Первый день мая выдался жарким и безоблачным. Пиппа поднялась вместе с рассветным хором птиц, как делала каждое утро эти последние шесть месяцев. Стоя в одной сорочке и рассеянно поддерживая живот обеими руками, она посмотрела в окно на радостное торжество природы.

Ребенок зашевелился в чреве, ударил ножкой, и она тихо рассмеялась:

– Вижу, малыш, ты уже принялся за работу!

Она опустила глаза, но, так и не сумев увидеть собственных ног, грустно покачала головой. Ничего не скажешь, заботами Берты она скоро не сможет в дверь пролезть! Берта и Жиль говорили мало, как, впрочем, все истинные бретонцы, но неусыпно ухаживали за ней все эти долгие, суровые зимние месяцы и оказывали всяческую поддержку с того дня, как Робин и Луиза уехали в поместье Бокеров в Бургундии.
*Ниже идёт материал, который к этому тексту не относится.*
Lemma pairing_on_bigcup (F : set (set (T * T * T))) :
  (forall G, F G -> pairing_on (pairing_dom G) G) -> total_on F subset ->
  pairing_on (pairing_dom (\bigcup_(G in F) G)) (\bigcup_(G in F) G).
Proof.
move=> Fpair Ftot; set U := \bigcup_(G in F) G.
have domU G : F G -> pairing_dom G `<=` pairing_dom U.
  by move=> FG; apply/image_subset/bigcup_sup.
split.
- by apply: partial_inj_bigcup => // G /Fpair[].
- move=> p [G FG Gp]; have [_ GG _] := Fpair G FG.
  by apply: setSX (domU G FG) (setSX (domU G FG) (domU G FG)) _ (GG p Gp).
- move=> x y [p [G1 FG1 G1p] <-] [q [G2 FG2 G2q] <-].
  have [G FG [G1G G2G]] := total_on_subset_ub Ftot FG1 FG2.
  have [_ _ Gtot] := Fpair G FG.
  have Gx : pairing_dom G p.1.1 by exists p => //; apply: G1G.
  have Gy : pairing_dom G q.1.1 by exists q => //; apply: G2G.
  by have [z Gz] := Gtot _ _ Gx Gy; exists z; exists G.
Qed.

Lemma pairing_on_graph A (f : T * T -> T) :
  set_fun (A `*` A) A f -> set_inj (A `*` A) f ->
  pairing_on A [set (p, f p) | p in A `*` A].
Proof.
move=> fA finj; split; first exact: partial_inj_graph.
  by move=> _ [p Ap <-]; split => //; apply: fA.
by move=> x y Ax Ay; exists (f (x, y)); exists (x, y).
Qed.

End PairingGraph.

Section PointedHessenberg.
Context {T : pointedType}.
Implicit Types (A B X : set T) (G : set (T * T * T)).

Lemma card_setU_le A B :
  infinite_set A -> A `*` A #<= A -> B #<= A -> A `|` B #<= A.
Proof.
move=> Ainf AA /pcard_leP/injfunPex[g gA ginj].
have boolA : [set: bool] #<= A by apply: card_le_trans (countableP _) _; apply/infiniteP.
apply: card_le_trans _ AA; apply: card_le_trans _ (card_setX_le (card_lexx A) boolA).
pose h x := if pselect (A x) then (x, true) else (g x, false).
apply: (set_inj_card_le (f := h)).
  by move=> x; rewrite /h; case: pselect => [Ax _|nAx [//|/gA]].
move=> x y /set_mem Ux /set_mem Uy; rewrite /h.
case: (pselect (A x)) => Ax; case: (pselect (A y)) => Ay [] //.
by apply: ginj; rewrite inE; [case: Ux|case: Uy].
Qed.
Чужие люди в этот рыбачий поселок не приезжали. Мужчины выезжали на рыбную ловлю вместе, иногда объединялись с жителями соседней деревни и уплывали далеко, в направлении Исландии, а когда лодки благополучно возвращались, нагруженные рыбой, в церкви служили благодарственную мессу, на которую собирались все семьи, и потом устраивали пир. В первый раз Пиппа долго колебалась, прежде чем принять участие в торжествах, но Берта пришла за ней, и ее приняли с таким радушием, что она не почувствовала ни малейшей неловкости.
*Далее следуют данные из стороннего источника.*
Lemma Wij_source_block : blockof W i = invmx (Cblock w sigma i j i i).
Proof.
have row_i : lap_ii *m blockof W i + lap_icompl *m W_compl = 1%:M.
  apply/matrixP => k l; have := Nij_row (i, k) l; rewrite mxE enum_rankK /= eqxx.
  move=> Nrow; rewrite [RHS]mxE [RHS]Nrow mxE.
  by congr (_ + _); rewrite mxE; apply: eq_bigr => ? _; rewrite !mxE.
have row_compl : lap_compli *m blockof W i + Dsub w sigma i j *m W_compl = 0.
  apply/matrixP => c l; have := enum_valP c; rewrite inE => /andP[neq_i neq_j].
  have := Nij_row (enum_val c) l; rewrite mxE enum_rankK /= (negbTE neq_i) (negbTE neq_j).
  move=> Nrow; rewrite [RHS]mxE [RHS]Nrow mxE.
  by congr (_ + _); rewrite mxE; apply: eq_bigr => ? _; rewrite !mxE.
have CW : Cblock w sigma i j i i *m blockof W i = 1%:M.
  move/eqP: row_compl; rewrite addr_eq0 => /eqP row_compl.
  rewrite Cblock_schur (pinvmp_unit Dsub_unit) mulmxBl -!mulmxA row_compl mulmxN.
  by rewrite mulKmx ?Dsub_unit // mulmxN opprK row_i.
have [C_unit _] := mulmx1_unit CW.
by rewrite -[LHS](mulKmx C_unit) CW mulmx1.
Qed.

End WijBlocks.
End InvertibleLaplacian.

Lemma compl_ijC n d (i j : 'I_n) : compl_ij d j i = compl_ij d i j.
Proof. by apply/setP => u; rewrite !inE andbC. Qed.

Lemma Cblock_sym (R : realType) n d w sigma (i j x y : 'I_n) :
  @Cblock R n d w sigma j i x y = Cblock w sigma i j x y.
Proof. by rewrite /Cblock /schurf /Dsub compl_ijC. Qed.

Theorem proposition6p6 (R : realType) (n d : nat)
  (w : 'I_n -> 'I_n -> R) (sigma : 'I_n -> 'I_n -> 'M[R]_d) :
  is_connection_graph w sigma ->
  lapmx w sigma \in unitmx ->
  forall i j : 'I_n, i != j ->
  Rmat w sigma i j =
  block_mx (invmx (Cblock w sigma i j i i)) 0 0 (invmx (Cblock w sigma i j j j)).
Proof.
move=> [[w_ge0 w_sym w_irrefl _] [sigma_orth sigma_tr]] L_unit i j neq_ij.
have neq_ji : j != i by rewrite eq_sym.
have source := Wij_source_block w_ge0 w_sym w_irrefl sigma_orth sigma_tr L_unit.
have target := Wij_target_block w_ge0 w_sym w_irrefl sigma_orth sigma_tr L_unit.
by rewrite /Rmat !source // !target // [Cblock _ _ j i _ _]Cblock_sym.
Qed.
Она услышала шаги Берты внизу и быстро оделась в одно из свободных полотняных платьев, сшитых хозяйкой. Пиппа улыбнулась, вспомнив, как беспокоилась о деньгах. Но здесь они были не нужны. Она вообще ни в чем не нуждалась. Сначала ей казалось странным, почти пугающим быть лишенной всего, не иметь возможности что-то купить, но вскоре она привыкла и приспособилась к ритму новой жизни.

Длинные зимние дни она проводила у очага в компании кота за шитьем одежек для растущего в пей младенца. Берте удалось научить ее искусству обращения с иглой, чего не удалось ни матери, ни старой няне. Но теперь пришла весна, и Пиппа выходила из зимней спячки, чувствуя себя змеей, сбрасывающей старую кожу.

Она сползла по лестнице, что в последнее время давалось нелегко, и приветствовала Берту несколькими заученными словами на бретонском. Потом взяла кружку с парным молоком, которое по настоянию хозяйки пила каждое утро, ломоть теплого хлеба с хрустящей коркой, толсто намазанный маслом, и вышла на улицу.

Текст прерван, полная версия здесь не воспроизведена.